Сверху обжигало людей нещадное степное солнце.
Боевые литавры гремели не умолкая...
В громадной карете — шлафвагене — ехал сам Миних; на походной жаровне готовилась для него яичница; фельдмаршал в одном исподнем сидел на бочке с золотыми червонцами, лениво понтируя со своим приятелем, пастором Мартенсом, и хвастал:
— Через четыре года, дружище, мои славные штандарты будут водружены над сералем султана турецкого... Я сдаю. Квинтич. Пики!
— В банке триста, — отвечал пастор. — Сначала, приятель, не сломай себе шею на взятии Перекопа, побывай в Бахчисарае крымского хана, а потом уж мечтай о Константинополе...
— Basta! — пришлепнул туза Миних. — Твоя карта бита... Не забывай, что мы с тобой не в Европе, а в России... Людские запасы этой страны столь велики, что кровь солдата на Руси дешевле чарки вина. Счастье, что я служу в русской армии, где можно свободно угробить миллион душ, но зато всегда добьешься успеха... Пики!
Дымчатые волы катили по травам 119 пушек, величавые верблюды тащили арбы с ядрами.
На телегах везли рогатины — столь великие, что одну из них с натугою шестеро солдат поднимали (этими рогатинами окружали по ночам бивуаки, дабы не наскочила татарская конница).
Казалось, не будет конца пути, никогда не кончатся эти солончаки и сожженные солнцем ковыли.
Палимы звенящим зноем, шли солдаты великой армии.
Голая степь и безводье царили на крымских подступах.
— Кошку высечь и то прутика не сыщешь, — говорили люди.
Чуткий сон армии стерегли по ночам скифские курганы...
Покрыты тенью бунчуков{1} И долы и холмы сии!
Днем через каре армии прокатывал шлафваген Миниха.
— Вперед! — рычал на солдат фельдмаршал. — Кто остановился, тому смерть. А свободных телег для больных в обозе нету...
Жутко ревел на привалах скот, не поенный уже с неделю.
Выстелив по земле тонкие шеи, умирали плачущие от усталости кони.
Мертвых бросали в степи — на поживу ястребам и воронью...
17 мая 1736 года русское каре с ходу уперлось в Перекоп.
Походный толмач Максим Бобриков всмотрелся в пылищу.
— Перед нами ворота Ор-Капу, — доложил он Миниху.

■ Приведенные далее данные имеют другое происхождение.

(* Let $p$ be a prime, $n\in\mathbb{N}$, $G$ a group with $|G|=p^n$, $f\in\mathrm{Aut}(G)$, and suppose $Q=\mathcal{Q}(G,f)$ is a connected quandle. The following are equivalent: (i) $Q$ is simply connected; (ii) $H^2(Q,\mathbb{Z}_p)=\{\mathbf{1}\}$, i.e. every quandle cocycle $\theta:Q\times Q\to\mathbb{Z}_p$ is cohomologous to the trivial cocycle; (iii) $Q$ has no connected cover of size $p^{n+1}$.
   Context: A quandle is a set $Q$ with a binary operation $*$ such that every left translation $L_x:y\mapsto x*y$ is a bijection, $x*(y*z)=(x*y)*(x*z)$ and $x*x=x$. $\mathrm{LMlt}(Q)=\langle L_x:x\in Q\rangle$; $Q$ is connected if $\mathrm{LMlt}(Q)$ is transitive on $Q$. For a group $G$ and $f\in\mathrm{Aut}(G)$, $\mathcal{Q}(G,f)$ is the quandle on $G$ with $x*y=xf(x^{-1}y)$. For a group $K$, a quandle cocycle with values in $K$ is $\theta:Q\times Q\to K$ with $\theta_{x*y,x*z}\theta_{x,z}=\theta_{x,y*z}\theta_{y,z}$ and $\theta_{x,x}=1$; $\theta,\theta'$ are cohomologous if $\theta'_{x,y}=\gamma_{x*y}\theta_{x,y}\gamma_y^{-1}$ for some $\gamma:Q\to K$; the trivial cocycle is constantly $1$. Cocycles with values in $\mathrm{Sym}_S$ ($S$ a set) are defined likewise. A cover of $Q$ is a quandle $E$ with a surjective homomorphism $\pi:E\to Q$ such that $\pi(u)=\pi(v)$ implies $L_u=L_v$ in $E$; it is connected if $E$ is connected, and its size is $|E|$. $Q$ is simply connected if it is connected and for every set $S$ every quandle cocycle with values in $\mathrm{Sym}_S$ is cohomologous to the trivial one. *)

From HB Require Import structures.
From mathcomp Require Import all_boot all_order all_algebra all_fingroup.
Set Implicit Arguments. Unset Strict Implicit. Unset Printing Implicit Defensive.
Import GRing.Theory.

(* A quandle structure on a type T, given by the binary operation op
   (op x y = x * y); L_x = op x. *)
Definition is_quandle (T : Type) (op : T -> T -> T) : Prop :=
  [/\ (forall x, bijective (op x)),
      (forall x y z, op x (op y z) = op (op x y) (op x z)) &
      (forall x, op x x = x)].

(* lmlt_orb op a b : b = g a for some g in LMlt = <L_x : x in T>, i.e. g is
   a word in the L_x and their inverses. *)
Inductive lmlt_orb (T : Type) (op : T -> T -> T) (a : T) : T -> Prop :=
  | lmlt_refl : lmlt_orb op a a
  | lmlt_fwd b x : lmlt_orb op a b -> lmlt_orb op a (op x b)
  | lmlt_bwd b x c : lmlt_orb op a b -> op x c = b -> lmlt_orb op a c.

Definition qconnected (T : Type) (op : T -> T -> T) : Prop :=
  forall a b, lmlt_orb op a b.

(* Quandle cocycle with values in Sym_S (bijections of S, product =
   composition). *)
Definition sym_cocycle (T S : Type) (op : T -> T -> T) (th : T -> T -> S -> S)
  : Prop :=
  [/\ (forall x y, bijective (th x y)),
      (forall x y z, th (op x y) (op x z) \o th x z =1 th x (op y z) \o th y z) &
      (forall x, th x x =1 id)].

(* th is cohomologous to the trivial cocycle:
   th_{x,y} = gamma_{x*y} * 1 * gamma_y^{-1}. *)
Definition sym_cohom_trivial (T S : Type) (op : T -> T -> T)
  (th : T -> T -> S -> S) : Prop :=
  exists gamma : T -> S -> S,
    (forall y, bijective (gamma y)) /\
    (forall x y, th x y \o gamma y =1 gamma (op x y)).

Definition simply_connected (T : Type) (op : T -> T -> T) : Prop :=
  qconnected op /\
  forall (S : Type) (th : T -> T -> S -> S),
    sym_cocycle op th -> sym_cohom_trivial op th.

Definition ab_cocycle (T : Type) (K : zmodType) (op : T -> T -> T)
  (th : T -> T -> K) : Prop :=
  (forall x y z, (th (op x y) (op x z) + th x z = th x (op y z) + th y z)%R) /\
  (forall x, th x x = 0%R).

Definition ab_cohom_trivial (T : Type) (K : zmodType) (op : T -> T -> T)
  (th : T -> T -> K) : Prop :=
  exists gamma : T -> K, forall x y, th x y = (gamma (op x y) - gamma y)%R.

Definition is_cover (E Q : Type) (opE : E -> E -> E) (op : Q -> Q -> Q)
  (pi : E -> Q) : Prop :=
  [/\ is_quandle opE,
      (forall q, exists u, pi u = q),
      (forall u v, pi (opE u v) = op (pi u) (pi v)) &
      (forall u v, pi u = pi v -> opE u =1 opE v)].

Definition QGf (gT : finGroupType) (f : gT -> gT) (x y : gT) : gT :=
  (x * f (x^-1 * y))%g.

From HB Require Import structures.
From mathcomp Require Import all_boot all_order all_algebra all_fingroup.
From mathcomp Require Import cyclic boolp.
Set Implicit Arguments. Unset Strict Implicit. Unset Printing Implicit Defensive.
Import GRing.Theory.

(** The conditions are linked through extensions of Q by cocycles.  A Z_p-valued
   cocycle [th] is the Sym(Z_p)-valued cocycle [s |-> s + th x y], so (i) gives (ii).  If
   [th] is not a coboundary, the extension Q x_th Z_p is a connected cover of size p^(n+1),
   so (iii) gives (ii).  A trivialisation of the cocycle describing transport in a
   connected cover E is a section of E over Q with LMlt-stable image, so (i) forces
   |E| <= |Q| = p^n.

   The substance is (ii) => (i).  Given a Sym_S-valued cocycle, consider the extension
   Q x S and the orbit C of a point (1, s0).  A word in the L_x^(+-1) acting trivially on Q
   acts on C commuting with every L_x, and since any word acts on Q(G,f) as
   [y |-> h * f^k y], every loop at 1 can be completed to such a trivial word.  Hence the
   fibre N of C over 1 is an abelian group acting simply transitively on each fibre of C,
   and coordinates with respect to a fixed section define an N-valued cocycle [nu] whose
   values generate N.  Averaging [nu] over left translations of G gives a cocycle
   [psi (x^-1 * y)] with [psi : G -> N] a homomorphism, whence |G|^2 N = 0.  By (ii), for
   every character [chi : N -> Z_p] the cocycle [chi \o nu] is a coboundary, which forces
   [chi = 0]; a finitely generated abelian p-group without non-zero Z_p-characters is
   trivial.  So loops at 1 fix (1, s0), and transport along fixed paths from 1 trivialises
   the cocycle. *)

(** * Words in the left translations *)

Section Words.
Variables (I T : Type) (L Li : I -> T -> T).

Definition wact (w : seq (I * bool)) (t : T) : T :=
  foldr (fun l t => if l.2 then L l.1 t else Li l.1 t) t w.

Definition winv (w : seq (I * bool)) : seq (I * bool) :=
  rev [seq (l.1, ~~ l.2) | l <- w].

Lemma wact_cat w1 w2 t : wact (w1 ++ w2) t = wact w1 (wact w2 t).
Proof. by rewrite /wact foldr_cat. Qed.

Lemma wact_nseqV i k t : Li i t = t -> wact (nseq k (i, false)) t = t.
Proof. by move=> Lit; elim: k => //= k ->. Qed.

Hypotheses (LK : forall i, cancel (L i) (Li i)) (LiK : forall i, cancel (Li i) (L i)).

Lemma wactK w : cancel (wact w) (wact (winv w)).
Proof.
elim: w => [|[i b] w IH] t //=.
by rewrite /winv map_cons rev_cons -cats1 wact_cat /=; case: b; rewrite ?LK ?LiK IH.
Qed.

Lemma wactVK w : cancel (wact (winv w)) (wact w).
Proof.
elim: w => [|[i b] w IH] t //=.
by rewrite /winv map_cons rev_cons -cats1 wact_cat /=; case: b; rewrite IH ?LK ?LiK.
Qed.

Lemma wact_inj w : injective (wact w).
Proof. exact: can_inj (wactK w). Qed.

End Words.

Lemma wact_morph (I T T' : Type) (L Li : I -> T -> T) (L' Li' : I -> T' -> T')
    (pi : T -> T') :
  (forall i, cancel (Li i) (L i)) -> (forall i, cancel (L' i) (Li' i)) ->
  (forall i t, pi (L i t) = L' i (pi t)) ->
  forall w t, pi (wact L Li w t) = wact L' Li' w (pi t).
Proof.
move=> LiK L'K piL w t; elim: w => [|[i []] w IH] //=; rewrite -IH ?piL //.
by rewrite -[in RHS](LiK i (wact L Li w t)) piL L'K.
Qed.

Section WordsOrbit.
Variables (T : Type) (op opi : T -> T -> T).

Lemma lmlt_orb_wact a b :
  (forall x, cancel (op x) (opi x)) -> lmlt_orb op a b -> exists w, wact op opi w a = b.
Proof.
move=> opK; elim=> [|b' x _ [w <-]|b' x c _ [w wb] opc].
- by exists [::].
- by exists ((x, true) :: w).
- by exists ((x, false) :: w); rewrite /= wb -opc opK.
Qed.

— Ор-Капу? А что это значит?
— «Капу» — дверь, «Ор» — орда, вот и получается, что сия татарская Перекопь есть «дверь в Орду» ханскую...
— Передайте войскам, — наказал Миних, — что за Перекопью их ждет вино и райские кущи. Ад — только здесь! А за этим валом «дверей в Орду» — отдых и прохлада садов ханских, где произрастает фруктаж редкостный, какого в дому у себя никто не пробовал!
Но 185 турецких пушек (противу 119 русских) зорко стерегли вход в Крымское ханство; над фасами крепости реяли на бунчуках янычарских хвосты черных боевых кобыл, и старая мудрая сова, вырубленная из камня, сидела над воротами Ор-Капу, сурово взирая с высоты на пришельцев из далекой прохладной страны...
— Назавтре быть штурме немалой, — говорили ветераны, — а нонеча поспать надо, дабы отдохнули бранные мышцы!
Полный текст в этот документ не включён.